Ok.Let me read through those in the meantime.Maybe my approach is wrong. Give it a crack and if need be I can post the native events that I searched to get the two arrays and see if there is another easier way around the problem.
I will give this a try but it seems very complex for Splunk search language (needs while looping) and more or less asks for custom search command where you can do this looping in a python script.
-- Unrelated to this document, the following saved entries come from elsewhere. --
Lemma induces_path_ipath s : ipath s -> induces_path e [set x in s].
Proof.
move=> [us ads].
have card_s : #|[set x in s]| = size s by rewrite cardsE; apply/card_uniqP.
apply/existsP; exists [ffun i : 'I_#|[set x in s]| => nth x0 s i].
have lt_s (i : 'I_#|[set x in s]|) : i < size s by rewrite -card_s.
apply/and3P; split.
- apply/injectiveP => i j; rewrite !ffunE => /eqP; rewrite nth_uniq ?lt_s //.
  by move/eqP; apply: val_inj.
- apply/eqP/setP => x; rewrite inE; apply/imsetP/idP.
    by move=> [i _ ->]; rewrite ffunE mem_nth ?lt_s.
  move=> xs; have lt_x : index x s < #|[set x in s]| by rewrite card_s index_mem.
  by exists (Ordinal lt_x); rewrite ?inE // ffunE /= nth_index.
- by apply/forallP => i; apply/forallP => j; rewrite !ffunE ads ?lt_s.
Qed.

Lemma induces_pathP C : induces_path e C -> exists2 s, ipath s & C = [set x in s].
Proof.
case/existsP=> g /and3P[/injectiveP g_inj /eqP gC /forallP g_adj].
pose s := map g (enum 'I_#|C|).
have size_s : size s = #|C| by rewrite size_map size_enum_ord.
have nth_s i (lt_iC : i < #|C|) : nth x0 s i = g (Ordinal lt_iC).
  rewrite (nth_map (Ordinal lt_iC)) ?size_enum_ord //; congr (g _).
  by apply: val_inj; rewrite /= nth_enum_ord.
exists s; last first.
  apply/setP => x; rewrite inE -gC; apply/imsetP/mapP => [] [i _ ->]; exists i => //.
  by rewrite mem_enum.
split; first by rewrite map_inj_uniq ?enum_uniq.
move=> i j; rewrite size_s => lt_iC lt_jC; rewrite !nth_s.
by have /forallP/(_ (Ordinal lt_jC))/eqP := g_adj (Ordinal lt_iC).
Qed.

End InducedPaths.
Lemma closure_closed (X : TopSpace) (A : X -> Prop) : closed X (closure X A).
Proof.
  apply open_locally. intros z hz.
  apply not_all_ex_not in hz as [O hO].
  apply imply_to_and in hO as [hO1 hO]. apply imply_to_and in hO as [hO2 hO].
  exists O; split; [exact hO1|]; split; [exact hO2|]. intros w hw hcl.
  destruct (hcl O hO1 hw) as [u [hu1 hu2]]. apply hO; exists u; auto.
Qed.

Lemma subset_closure (X : TopSpace) (A : X -> Prop) z : A z -> closure X A z.
Proof. intros h O _ hO; exists z; auto. Qed.

(** * Compact Hausdorff spaces *)

Lemma closed_compact (X : TopSpace) (hc : compact_space X) (F : X -> Prop) (hF : closed X F)
  (G : X -> X -> Prop) (hG : forall p, F p -> opens X (G p) /\ G p p) :
  exists l : list X, forall z, F z -> exists p, In p l /\ F p /\ G p z.
Proof.
  set (H := fun (i : option X) z => match i with None => ~ F z | Some p => F p /\ G p z end).
  destruct (hc (option X) H) as [l hl]; subst H.
  - intros [p|]; simpl; [|exact hF]. apply open_guard_and. apply hG.
  - intros z. destruct (classic (F z)) as [hz|hz].
    + exists (Some z); simpl; split; auto; apply (hG z hz).
    + exists None; simpl; auto.
  - exists (flat_map (fun i => match i with None => nil | Some p => p :: nil end) l).
    intros z hz. destruct (hl z) as [[p|] [hi hpi]]; simpl in hpi; [|contradiction].
    exists p; split; [|exact hpi].
    apply in_flat_map. exists (Some p); simpl; auto.
Qed.

(* The map [g] lets one argument give both normality ([g] the identity) and closedness
   of continuous maps ([g = f]). *)
Lemma compact_separation (X Z : TopSpace) (hc : compact_space X) (g : X -> Z)
  (F : X -> Prop) (E : Z -> Prop) (hF : closed X F)
  (hsep : forall p, F p -> exists (A : X -> Prop) (B : Z -> Prop), opens X A /\ opens Z B /\
     A p /\ (forall w, E w -> B w) /\ (forall z, A z -> B (g z) -> False)) :
  exists (V : X -> Prop) (W : Z -> Prop), opens X V /\ opens Z W /\
     (forall z, F z -> V z) /\ (forall w, E w -> W w) /\ (forall z, V z -> W (g z) -> False).
Proof.
  assert (hch : forall p, exists AB : (X -> Prop) * (Z -> Prop), F p ->
     opens X (fst AB) /\ opens Z (snd AB) /\ fst AB p /\
     (forall w, E w -> snd AB w) /\ (forall z, fst AB z -> snd AB (g z) -> False)).
  { intros p. destruct (classic (F p)) as [hp|hp].
    - destruct (hsep p hp) as [A [B hAB]]. exists (A, B); auto.
    - exists ((fun _ => False), (fun _ => False)); intros; contradiction. }
  destruct (functional_choice _ hch) as [sel hsel].
  destruct (closed_compact X hc F hF (fun p => fst (sel p))) as [l hl].
  { intros p hp. destruct (hsel p hp) as [h1 [_ [h3 _]]]; auto. }
  exists (fun z => exists p, (In p l /\ F p) /\ fst (sel p) z),
         (fun w => forall p, In p l -> F p -> snd (sel p) w).
  split; [|split; [|split; [|split]]].
  - apply open_bigcup. intros p [_ hp]. apply (hsel p hp).
  - apply open_finite_inter. intros p _. apply open_guard. apply hsel.
  - intros z hz. destruct (hl z hz) as [p [h1 [h2 h3]]]. exists p; auto.
  - intros w hw p _ hp. apply (hsel p hp); auto.
  - intros z [p [[h1 h2] h3]] hw. apply (proj2 (proj2 (proj2 (proj2 (hsel p h2)))) z h3).
    apply hw; auto.
Qed.

Lemma singleton_closed (X : TopSpace) (hh : hausdorff_space X) (x : X) :
  closed X (fun z => z = x).
Proof.
  apply open_locally. intros z hz.
  destruct (hh z x hz) as [U [V [hU [hV [hUz [hVx hd]]]]]].
  exists U; split; auto; split; auto. intros w hw <-. apply (hd w); auto.
Qed.

Lemma closed_separation (X : TopSpace) (hc : compact_space X) (hh : hausdorff_space X)
  (F D : X -> Prop) (hF : closed X F) (hD : closed X D) (hdis : forall z, F z -> D z -> False) :
  exists V W : X -> Prop, opens X V /\ opens X W /\ (forall z, F z -> V z) /\
     (forall z, D z -> W z) /\ (forall z, V z -> W z -> False).
Proof.
  apply (compact_separation X X hc (fun z => z) F D hF). intros p hp.
  destruct (compact_separation X X hc (fun z => z) D (fun z => z = p) hD)
    as [W [V [hW [hV [hDW [hpV hd]]]]]].
  { intros q hq. assert (hqp : q <> p) by (intros ->; apply (hdis p); auto).
    destruct (hh q p hqp) as [A [B [hA [hB [hAq [hBp hAB]]]]]].
    exists A, B; repeat split; auto.
    - intros z ->; auto.
    - intros z h1 h2; apply (hAB z); auto. }
  exists V, W; repeat split; auto. intros z h1 h2; apply (hd z); auto.
Qed.

Lemma closed_shrink (X : TopSpace) (hc : compact_space X) (hh : hausdorff_space X)
  (F O : X -> Prop) (hF : closed X F) (hO : opens X O) (hFO : forall z, F z -> O z) :
  exists V, opens X V /\ (forall z, F z -> V z) /\ (forall z, closure X V z -> O z).
Proof.
  destruct (closed_separation X hc hh F (fun z => ~ O z) hF (closed_complement X O hO))
    as [V [W [hV [hW [hFV [hOW hd]]]]]].
  { intros z h1 h2; apply h2; auto. }
  exists V; repeat split; auto. intros z hz. apply NNPP; intro hnz.
  destruct (hz W hW (hOW z hnz)) as [w [h1 h2]]. apply (hd w); auto.
Qed.

Lemma closed_image (X Y : TopSpace) (hc : compact_space X) (hYh : hausdorff_space Y)
  (f : X -> Y) (hf : continuous f) (K : X -> Prop) (hK : closed X K) :
  closed Y (image f K).
Proof.
  apply open_locally. intros y hy.
  destruct (compact_separation X Y hc f K (fun w => w = y) hK) as [V [W [_ [hW [hKV [hyW hd]]]]]].
  { intros p hp. assert (hpy : f p <> y) by (intro; apply hy; exists p; auto).
    destruct (hYh _ _ hpy) as [A [B [hA [hB [hAp [hBy hAB]]]]]].
    exists (fun z => A (f z)), B; repeat split; auto.
    - intros w ->; auto.
    - intros z h1 h2; apply (hAB (f z)); auto. }
  exists W; repeat split; auto. intros w hw [z [hz <-]]. apply (hd z); auto.
Qed.

Lemma continuousR_of_semicontinuous (X : TopSpace) (g : X -> R) :
  (forall a, opens X (fun z => g z < a)) -> (forall a, opens X (fun z => a < g z)) ->
  continuousR g.
Proof.
  intros h1 h2 U hU. apply open_locally. intros z hz.
  destruct (hU _ hz) as [e [he hUe]].
  exists (fun w => g w < g z + e /\ g z - e < g w). split; [apply open_inter; auto|].
  split; [lra|]. intros w [hw1 hw2]. apply hUe. apply Rabs_def1; lra.
Qed.

Lemma open_lt (X : TopSpace) (phi : C X) a : opens X (fun z => ev phi z < a).
Proof.
  apply (proj2_sig phi (fun r => r < a)). intros r hr. exists (a - r). split; [lra|].
  intros s hs. apply Rabs_def2 in hs. lra.
Qed.

Lemma open_gt (X : TopSpace) (phi : C X) a : opens X (fun z => a < ev phi z).
Proof.
  apply (proj2_sig phi (fun r => a < r)). intros r hr. exists (r - a). split; [lra|].
  intros s hs. apply Rabs_def2 in hs. lra.
Qed.

Lemma open_dist_lt (X : TopSpace) (phi : C X) c e : opens X (fun z => Rabs (ev phi z - c) < e).
Proof.
  apply (proj2_sig phi (fun r => Rabs (r - c) < e)).
  intros r hr. exists (e - Rabs (r - c)). split; [lra|].
  intros s hs. pose proof (Rabs_triang (s - r) (r - c)).
  replace (s - r + (r - c)) with (s - c) in H by ring. lra.
Qed.

Lemma closed_ge (X : TopSpace) (phi : C X) a : closed X (fun z => a <= ev phi z).
Proof.
  apply (opens_ext _ (fun z => ev phi z < a)); [|apply open_lt]. intros z; lra.
Qed.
Some readings
http://blogs.splunk.com/2014/04/14/building-custom-search-commands-in-python-part-i-a-simple-generat...
http://blogs.splunk.com/2011/11/30/using-custom-search-commands-with-splunk-python-sdk/
No really.After picking up the first start-pair (i.e "start time"- "end of start") a new start can occur only if its after the last "end of start" , if not then we would have to walk down the "start time" rows until we hit a start time that is AFTER the last "end of start". In my current list none of the starts will be skipped as they always occur after the previous pair's "end of start". But that contrary situation my happen.
These are multivalued fields i.e multiple rows exist. The number of rows in in the "start time" field may not be necessary the same as those in the "end of start" field.In my current case I have 43 rows in "start time" and 129 in the "end of start" many of which will be skipped since they dont match my condition.
The fields "start time" and "end of start" are multivalued field or single valued fields? how many rows are we talking about here?